What to do: Print all the data, keeping every line exactly as it is.

[Stored data]
^^^^^^^^^^^^^^^^

Lemma PRfun_add k h1 h2 : PRfun k h1 -> PRfun k h2 -> PRfun k (fun x => h1 x + h2 x).
Proof. apply PRfun_comp2, PRfun_plus. Qed.

Lemma PRfun_minus : PRfun 2 (fun v => arg0 v - arg1 v).
Proof.
  apply (PRfun_rec 1 (fun v => arg0 v) (fun v => Nat.pred (arg2 v)));
    [apply PRfun_proj | apply PRfun_comp1; [apply PRfun_pred | apply PRfun_proj]
    | intros x; destruct_vec x; apply Nat.sub_0_r
    | intros x y; destruct_vec x; apply Nat.sub_succ_r].
Qed.

Lemma PRfun_sub k h1 h2 : PRfun k h1 -> PRfun k h2 -> PRfun k (fun x => h1 x - h2 x).
Proof. apply PRfun_comp2, PRfun_minus. Qed.

Lemma PRfun_times : PRfun 2 (fun v => arg0 v * arg1 v).
Proof.
  apply (PRfun_rec 1 (fun _ => 0) (fun v => arg2 v + arg0 v));
    [apply PRfun_const | apply PRfun_add; apply PRfun_proj | ..];
    intros x; destruct_vec x; simpl; lia.
Qed.

Lemma PRfun_mul k h1 h2 : PRfun k h1 -> PRfun k h2 -> PRfun k (fun x => h1 x * h2 x).
Proof. apply PRfun_comp2, PRfun_times. Qed.

Lemma PRfun_leb k h1 h2 :
  PRfun k h1 -> PRfun k h2 -> PRfun k (fun x => Nat.b2n (h1 x <=? h2 x)).
Proof.
  intros H1 H2. replace (fun x => _) with (fun x => 1 - (h1 x - h2 x)).
  - apply PRfun_sub; [apply PRfun_const | apply PRfun_sub; assumption].
  - extensionality x. destruct (Nat.leb_spec (h1 x) (h2 x)); cbn [Nat.b2n]; lia.
Qed.

Lemma PRfun_ltb k h1 h2 :
  PRfun k h1 -> PRfun k h2 -> PRfun k (fun x => Nat.b2n (h1 x <? h2 x)).
Proof. intros H1 H2. exact (PRfun_leb k _ h2 (PRfun_S k h1 H1) H2). Qed.

Lemma PRfun_eqb k h1 h2 :
  PRfun k h1 -> PRfun k h2 -> PRfun k (fun x => Nat.b2n (h1 x =? h2 x)).
Proof.
  intros H1 H2. replace (fun x => _) with (fun x => 1 - ((h1 x - h2 x) + (h2 x - h1 x))).
  - apply PRfun_sub; [apply PRfun_const | apply PRfun_add; apply PRfun_sub; assumption].
  - extensionality x. destruct (Nat.eqb_spec (h1 x) (h2 x)); cbn [Nat.b2n]; lia.
Qed.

^^^^^^^^^^^^^^^^

Response area:
Lemma PRfun_add k h1 h2 : PRfun k h1 -> PRfun k h2 -> PRfun k (fun x => h1 x + h2 x).
Proof. apply PRfun_comp2, PRfun_plus. Qed.

Lemma PRfun_minus : PRfun 2 (fun v => arg0 v - arg1 v).
Proof.
  apply (PRfun_rec 1 (fun v => arg0 v) (fun v => Nat.pred (arg2 v)));
    [apply PRfun_proj | apply PRfun_comp1; [apply PRfun_pred | apply PRfun_proj]
    | intros x; destruct_vec x; apply Nat.sub_0_r
    | intros x y; destruct_vec x; apply Nat.sub_succ_r].
Qed.

Lemma PRfun_sub k h1 h2 : PRfun k h1 -> PRfun k h2 -> PRfun k (fun x => h1 x - h2 x).
Proof. apply PRfun_comp2, PRfun_minus. Qed.

Lemma PRfun_times : PRfun 2 (fun v => arg0 v * arg1 v).
Proof.
  apply (PRfun_rec 1 (fun _ => 0) (fun v => arg2 v + arg0 v));
    [apply PRfun_const | apply PRfun_add; apply PRfun_proj | ..];
    intros x; destruct_vec x; simpl; lia.
Qed.

Lemma PRfun_mul k h1 h2 : PRfun k h1 -> PRfun k h2 -> PRfun k (fun x => h1 x * h2 x).
Proof. apply PRfun_comp2, PRfun_times. Qed.

Lemma PRfun_leb k h1 h2 :
  PRfun k h1 -> PRfun k h2 -> PRfun k (fun x => Nat.b2n (h1 x <=? h2 x)).
Proof.
  intros H1 H2. replace (fun x => _) with (fun x => 1 - (h1 x - h2 x)).
  - apply PRfun_sub; [apply PRfun_const | apply PRfun_sub; assumption].
  - extensionality x. destruct (Nat.leb_spec (h1 x) (h2 x)); cbn [Nat.b2n]; lia.
Qed.

Lemma PRfun_ltb k h1 h2 :
  PRfun k h1 -> PRfun k h2 -> PRfun k (fun x => Nat.b2n (h1 x <? h2 x)).
Proof. intros H1 H2. exact (PRfun_leb k _ h2 (PRfun_S k h1 H1) H2). Qed.

Lemma PRfun_eqb k h1 h2 :
  PRfun k h1 -> PRfun k h2 -> PRfun k (fun x => Nat.b2n (h1 x =? h2 x)).
Proof.
  intros H1 H2. replace (fun x => _) with (fun x => 1 - ((h1 x - h2 x) + (h2 x - h1 x))).
  - apply PRfun_sub; [apply PRfun_const | apply PRfun_add; apply PRfun_sub; assumption].
  - extensionality x. destruct (Nat.eqb_spec (h1 x) (h2 x)); cbn [Nat.b2n]; lia.
Qed.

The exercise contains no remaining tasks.